The hole transport layer is PTAA or NiOx、P3HT、V2O5、MoOx、PEDOT:PSS、WOx、Sprio-OMeTAD、CuSCN、Cu2One or more of O, CuI, Spiro-TTB, F4-TCNQ, F6-TCNNQ, m-MTDATA or TAPC, and the thickness is 0-500 nm; the top electrode buffer layer is V2O5、MoOx、Ag、Au、Cu、SnO2、ZnO、TiO2、Al2O3、SiO2、Si3N4One or more of PMMA, microcrystalline silicon or amorphous silicon, and the thickness is 0-50 nm.
The transparent electrode is one or more of ITO, IZO, AZO, graphene, Ag, Au and Cu metal nanowires, and the thickness of the transparent electrode is 0-500 nm.
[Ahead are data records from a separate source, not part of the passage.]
Lemma ordSS_neq (n : nat) (i : 'I_n) : (3 <= n)%N -> ordS (ordS i) != i.
Proof. by move=> hn; apply: (@iter_ordS_neq n i 2); lia. Qed.

Section Plane.
Variable R : realType.
Implicit Types (c d t : R) (p q v w : R * R).

Definition aff c d p : R := c * p.1 + d * p.2 - 1.

Definition comb t v w : R * R := ((1 - t) * v.1 + t * w.1, (1 - t) * v.2 + t * w.2).

Definition cross v w : R := v.1 * w.2 - v.2 * w.1.
Definition dot v w : R := v.1 * w.1 + v.2 * w.2.

Lemma aff_comb c d t v w : aff c d (comb t v w) = (1 - t) * aff c d v + t * aff c d w.
Proof. by rewrite /aff /comb /=; ring. Qed.

Lemma aff_cone c d (al be : R) v w :
  aff c d (al * v.1 + be * w.1, al * v.2 + be * w.2) =
  al * aff c d v + be * aff c d w + al + be - 1.
Proof. by rewrite /aff /=; ring. Qed.

(* the sign of the cross product is transitive on vectors lying in one open
   half-plane {x | 0 < dot u x}: angles there add up without wrapping around *)
Lemma cross_trans (u v w z : R * R) :
  0 < dot u v -> 0 < dot u w -> 0 < dot u z ->
  0 < cross v w -> 0 < cross w z -> 0 < cross v z.
Proof.
move=> hv hw hz hvw hwz.
have e : cross v z * dot u w = cross v w * dot u z + cross w z * dot u v.
  by rewrite /cross /dot; ring.
have : 0 < cross v z * dot u w by rewrite e addr_gt0 ?mulr_gt0.
by rewrite pmulr_lgt0.
Qed.

Lemma cone_decomp v w p :
  0 < cross v w -> 0 <= cross v p -> cross w p <= 0 ->
  exists al be : R, [/\ 0 <= al, 0 <= be & p = (al * v.1 + be * w.1, al * v.2 + be * w.2)].
Proof.
move=> hvw hvp hwp.
exists (- cross w p / cross v w), (cross v p / cross v w); split.
- by rewrite divr_ge0 ?oppr_ge0 // ltW.
- by rewrite divr_ge0 // ltW.
have : cross v w != 0 by rewrite gt_eqF.
case: v w p {hvw hvp hwp} => v1 v2 [w1 w2] [p1 p2]; rewrite /cross /= => hvw.
by congr (_, _); field.
Qed.
(* Let $a,b\in\mathbb R$, $a<b$, let $f_1,f_2:[a,b]\to[0,+\infty)$ and $g:(0,+\infty)\to\mathbb R$ be continuous, with $f_i>0$ on $(a,b)$ for $i=1,2$ and $g$ nondecreasing. Assume $\overline D^2f_1(x)\ge g(f_1(x))$ and $\underline D^2f_2(x)\le g(f_2(x))$ for every $x\in(a,b)$. Then: (1) if $f_1(a)=f_2(a)$ and $f_1(a')>f_2(a')$ for some $a'\in(a,b]$, then $f_1(x)>f_2(x)$ for every $x\in[a',b]$; (2) if $f_1(b)=f_2(b)$ and $f_1(b')>f_2(b')$ for some $b'\in[a,b)$, then $f_1(x)>f_2(x)$ for every $x\in[a,b']$; (3) if $f_1(a)=f_2(a)$ and $f_1(b)=f_2(b)$, then $f_2(x)\ge f_1(x)$ for every $x\in[a,b]$; moreover, if $f_2(x_0)=f_1(x_0)$ for some $x_0\in(a,b)$, then the right derivatives of $f_1,f_2$ at $x_0$ coincide and the left derivatives of $f_1,f_2$ at $x_0$ coincide (these one-sided derivatives exist).
   Context: $\overline D^2f(x)=\limsup_{h\to0^+}\frac{f(x+h)+f(x-h)-2f(x)}{h^2}$ and $\underline D^2f(x)=\liminf_{h\to0^+}\frac{f(x+h)+f(x-h)-2f(x)}{h^2}$. *)

From HB Require Import structures.
From mathcomp Require Import all_boot all_order all_algebra.
From mathcomp Require Import all_classical all_reals all_analysis.
Set Implicit Arguments. Unset Strict Implicit. Unset Printing Implicit Defensive.
Import Order.TTheory GRing.Theory Num.Theory.
Import numFieldNormedType.Exports.
Local Open Scope classical_set_scope.
Local Open Scope ring_scope.

Definition sdq2 {R : realType} (f : R -> R) (x h : R) : R :=
  (f (x + h) + f (x - h) - 2 * f x) / h ^+ 2.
The metal grid electrode is one or more of Au, Ag, Cu or Al metal electrodes, and the thickness of the metal grid electrode is 0-20 mu m.
The anti-reflection layer is LiF or MgF2、AlN、ZnS、Si3N4、SiO2、TiO2Or one or more flexible adhesive films with suede structures, and the thickness of the adhesive films is 0-3 mm.
The utility model provides a preparation method of tandem type perovskite/homojunction silicon tandem solar cell includes following step:
step 1: the method is characterized in that the surface of a silicon wafer is subjected to texturing by using, but not limited to, an alkaline solution.
Step 2: the heavily doped junctions are formed by, but not limited to, partial or full phosphorus diffusion to the silicon backside using a phosphorus hospital.
And step 3: and diffusing boron on the front side of the battery to form a homogeneous pn junction by adopting a method of but not limited to tubular boron diffusion or chain boron diffusion.
And 4, step 4: a bottom electrode opening passivation layer is prepared on the back side of the silicon by a method including but not limited to thermal growth, atomic deposition (ALD) or Plasma Enhanced Chemical Vapor Deposition (PECVD).
And 5: and opening the passivation layer on the back of the silicon by using a method of, but not limited to, laser etching the opening. The opening of the passivation layer on the back of the silicon can be a point array or a line array, the etching line width is 1-500 mu m, and the distance is 0.1-5mm.
Step 6: the bottom electrode is prepared on the back side of the silicon by using but not limited to evaporation or printing method.
And 7: an emitter passivation layer is prepared on the front surface of the silicon by a method including but not limited to thermal growth, atomic deposition (ALD) or Plasma Enhanced Chemical Vapor Deposition (PECVD).
And 8: the tunneling layer is fabricated on the silicon emissive passivation layer using methods including, but not limited to, thermal growth, atomic deposition (ALD), magnetron sputtering, thermal evaporation, or Plasma Enhanced Chemical Vapor Deposition (PECVD).
And step 9: the electron transport layer is prepared on the tunneling layer using, but not limited to, spin coating, evaporation, sputtering, spray coating, thermal spray decomposition, blade coating, printing, or slot coating methods.
Step 10: the perovskite absorber layer is prepared on the electron transport layer using, but not limited to, spin coating, evaporation, sputtering, spray coating, thermal spray decomposition, blade coating, printing, or slot coating methods.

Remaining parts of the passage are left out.